(Supplied records)

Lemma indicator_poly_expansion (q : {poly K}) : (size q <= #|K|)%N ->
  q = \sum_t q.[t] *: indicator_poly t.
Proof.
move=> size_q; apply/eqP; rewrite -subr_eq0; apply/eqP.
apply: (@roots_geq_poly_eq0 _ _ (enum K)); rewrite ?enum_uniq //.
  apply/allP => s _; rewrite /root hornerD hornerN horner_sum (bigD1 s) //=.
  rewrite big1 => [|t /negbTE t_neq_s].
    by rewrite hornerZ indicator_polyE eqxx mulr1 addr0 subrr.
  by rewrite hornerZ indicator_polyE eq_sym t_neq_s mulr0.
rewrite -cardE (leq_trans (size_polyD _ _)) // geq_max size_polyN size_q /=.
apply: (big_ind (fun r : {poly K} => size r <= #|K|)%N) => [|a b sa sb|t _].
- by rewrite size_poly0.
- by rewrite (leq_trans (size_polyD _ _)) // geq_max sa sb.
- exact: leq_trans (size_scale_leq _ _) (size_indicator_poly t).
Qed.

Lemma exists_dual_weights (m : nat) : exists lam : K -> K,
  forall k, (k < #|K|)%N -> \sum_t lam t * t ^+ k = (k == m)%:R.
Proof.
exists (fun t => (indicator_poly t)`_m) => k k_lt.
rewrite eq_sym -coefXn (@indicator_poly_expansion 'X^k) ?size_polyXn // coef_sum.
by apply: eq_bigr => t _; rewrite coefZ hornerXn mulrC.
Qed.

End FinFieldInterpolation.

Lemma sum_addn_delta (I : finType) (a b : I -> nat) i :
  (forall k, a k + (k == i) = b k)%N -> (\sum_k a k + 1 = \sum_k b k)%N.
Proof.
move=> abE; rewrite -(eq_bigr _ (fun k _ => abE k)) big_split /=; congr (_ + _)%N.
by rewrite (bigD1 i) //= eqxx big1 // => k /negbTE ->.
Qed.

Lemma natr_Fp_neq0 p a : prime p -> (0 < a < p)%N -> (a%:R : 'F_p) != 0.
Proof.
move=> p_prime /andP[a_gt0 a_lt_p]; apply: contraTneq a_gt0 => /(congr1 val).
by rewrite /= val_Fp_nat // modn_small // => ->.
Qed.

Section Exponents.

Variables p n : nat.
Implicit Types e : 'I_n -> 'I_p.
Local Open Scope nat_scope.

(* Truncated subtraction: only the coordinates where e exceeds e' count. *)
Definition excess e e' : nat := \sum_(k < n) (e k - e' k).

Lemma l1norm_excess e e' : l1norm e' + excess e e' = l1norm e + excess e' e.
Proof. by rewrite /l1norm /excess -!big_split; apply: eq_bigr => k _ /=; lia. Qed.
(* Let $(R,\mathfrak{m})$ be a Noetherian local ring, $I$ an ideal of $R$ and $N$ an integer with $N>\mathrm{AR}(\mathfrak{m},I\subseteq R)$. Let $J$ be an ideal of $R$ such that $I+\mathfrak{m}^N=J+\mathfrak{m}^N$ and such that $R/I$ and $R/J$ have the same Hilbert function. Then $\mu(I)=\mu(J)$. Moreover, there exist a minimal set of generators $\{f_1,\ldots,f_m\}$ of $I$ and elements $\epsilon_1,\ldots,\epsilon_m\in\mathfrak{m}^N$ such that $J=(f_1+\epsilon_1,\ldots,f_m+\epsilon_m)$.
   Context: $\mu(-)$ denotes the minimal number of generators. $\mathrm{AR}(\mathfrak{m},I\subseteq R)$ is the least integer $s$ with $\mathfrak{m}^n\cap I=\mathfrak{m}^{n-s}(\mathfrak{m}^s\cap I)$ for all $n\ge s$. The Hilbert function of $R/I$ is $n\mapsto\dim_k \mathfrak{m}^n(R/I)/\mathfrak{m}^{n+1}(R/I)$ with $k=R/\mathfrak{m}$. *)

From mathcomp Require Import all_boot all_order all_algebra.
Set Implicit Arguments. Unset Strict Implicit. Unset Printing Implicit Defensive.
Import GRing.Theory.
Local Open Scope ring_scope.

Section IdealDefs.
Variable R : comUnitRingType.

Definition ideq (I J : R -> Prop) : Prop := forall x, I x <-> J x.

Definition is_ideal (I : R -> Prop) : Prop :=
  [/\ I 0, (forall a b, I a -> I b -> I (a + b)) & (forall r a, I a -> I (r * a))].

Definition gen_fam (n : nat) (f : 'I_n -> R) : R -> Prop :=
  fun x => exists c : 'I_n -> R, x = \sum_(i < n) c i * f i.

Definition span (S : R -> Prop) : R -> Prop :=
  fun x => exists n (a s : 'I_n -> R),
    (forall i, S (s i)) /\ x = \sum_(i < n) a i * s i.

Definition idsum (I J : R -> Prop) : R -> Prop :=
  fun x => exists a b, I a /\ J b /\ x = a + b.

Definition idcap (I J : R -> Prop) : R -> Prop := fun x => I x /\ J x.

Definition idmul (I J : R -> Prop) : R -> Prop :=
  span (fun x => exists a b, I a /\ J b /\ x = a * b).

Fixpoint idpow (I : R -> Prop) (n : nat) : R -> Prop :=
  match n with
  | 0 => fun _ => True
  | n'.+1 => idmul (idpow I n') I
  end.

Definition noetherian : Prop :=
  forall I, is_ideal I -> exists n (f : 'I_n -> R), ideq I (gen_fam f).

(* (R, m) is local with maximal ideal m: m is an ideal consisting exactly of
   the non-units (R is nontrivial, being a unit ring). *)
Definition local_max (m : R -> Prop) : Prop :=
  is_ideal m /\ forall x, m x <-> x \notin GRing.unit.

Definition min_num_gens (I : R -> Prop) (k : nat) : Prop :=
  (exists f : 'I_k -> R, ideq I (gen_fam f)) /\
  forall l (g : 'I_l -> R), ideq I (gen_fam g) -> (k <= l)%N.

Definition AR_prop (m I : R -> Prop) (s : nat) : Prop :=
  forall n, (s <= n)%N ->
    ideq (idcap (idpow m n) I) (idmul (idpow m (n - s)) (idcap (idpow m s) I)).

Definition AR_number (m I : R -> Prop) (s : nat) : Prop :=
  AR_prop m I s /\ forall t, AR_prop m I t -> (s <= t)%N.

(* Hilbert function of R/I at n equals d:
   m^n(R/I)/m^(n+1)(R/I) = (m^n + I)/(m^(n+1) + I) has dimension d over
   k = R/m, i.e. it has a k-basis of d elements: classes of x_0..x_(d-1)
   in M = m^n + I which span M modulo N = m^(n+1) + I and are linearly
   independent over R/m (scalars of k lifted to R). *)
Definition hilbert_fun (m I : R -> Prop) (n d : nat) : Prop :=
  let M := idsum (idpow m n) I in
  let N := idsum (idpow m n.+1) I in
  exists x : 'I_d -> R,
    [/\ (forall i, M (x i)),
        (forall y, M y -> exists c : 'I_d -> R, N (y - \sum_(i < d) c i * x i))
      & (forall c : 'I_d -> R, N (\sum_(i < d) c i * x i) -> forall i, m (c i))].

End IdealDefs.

(End Supplied records)

Aim of the exercise:
All that belongs in the answer is the lines from the start of the entries above through the line containing "- by rewrite (leq_trans", each given exactly.

Answer for this exercise:
Lemma indicator_poly_expansion (q : {poly K}) : (size q <= #|K|)%N ->
  q = \sum_t q.[t] *: indicator_poly t.
Proof.
move=> size_q; apply/eqP; rewrite -subr_eq0; apply/eqP.
apply: (@roots_geq_poly_eq0 _ _ (enum K)); rewrite ?enum_uniq //.
  apply/allP => s _; rewrite /root hornerD hornerN horner_sum (bigD1 s) //=.
  rewrite big1 => [|t /negbTE t_neq_s].
    by rewrite hornerZ indicator_polyE eqxx mulr1 addr0 subrr.
  by rewrite hornerZ indicator_polyE eq_sym t_neq_s mulr0.
rewrite -cardE (leq_trans (size_polyD _ _)) // geq_max size_polyN size_q /=.
apply: (big_ind (fun r : {poly K} => size r <= #|K|)%N) => [|a b sa sb|t _].
- by rewrite size_poly0.
- by rewrite (leq_trans (size_polyD _ _)) // geq_max sa sb.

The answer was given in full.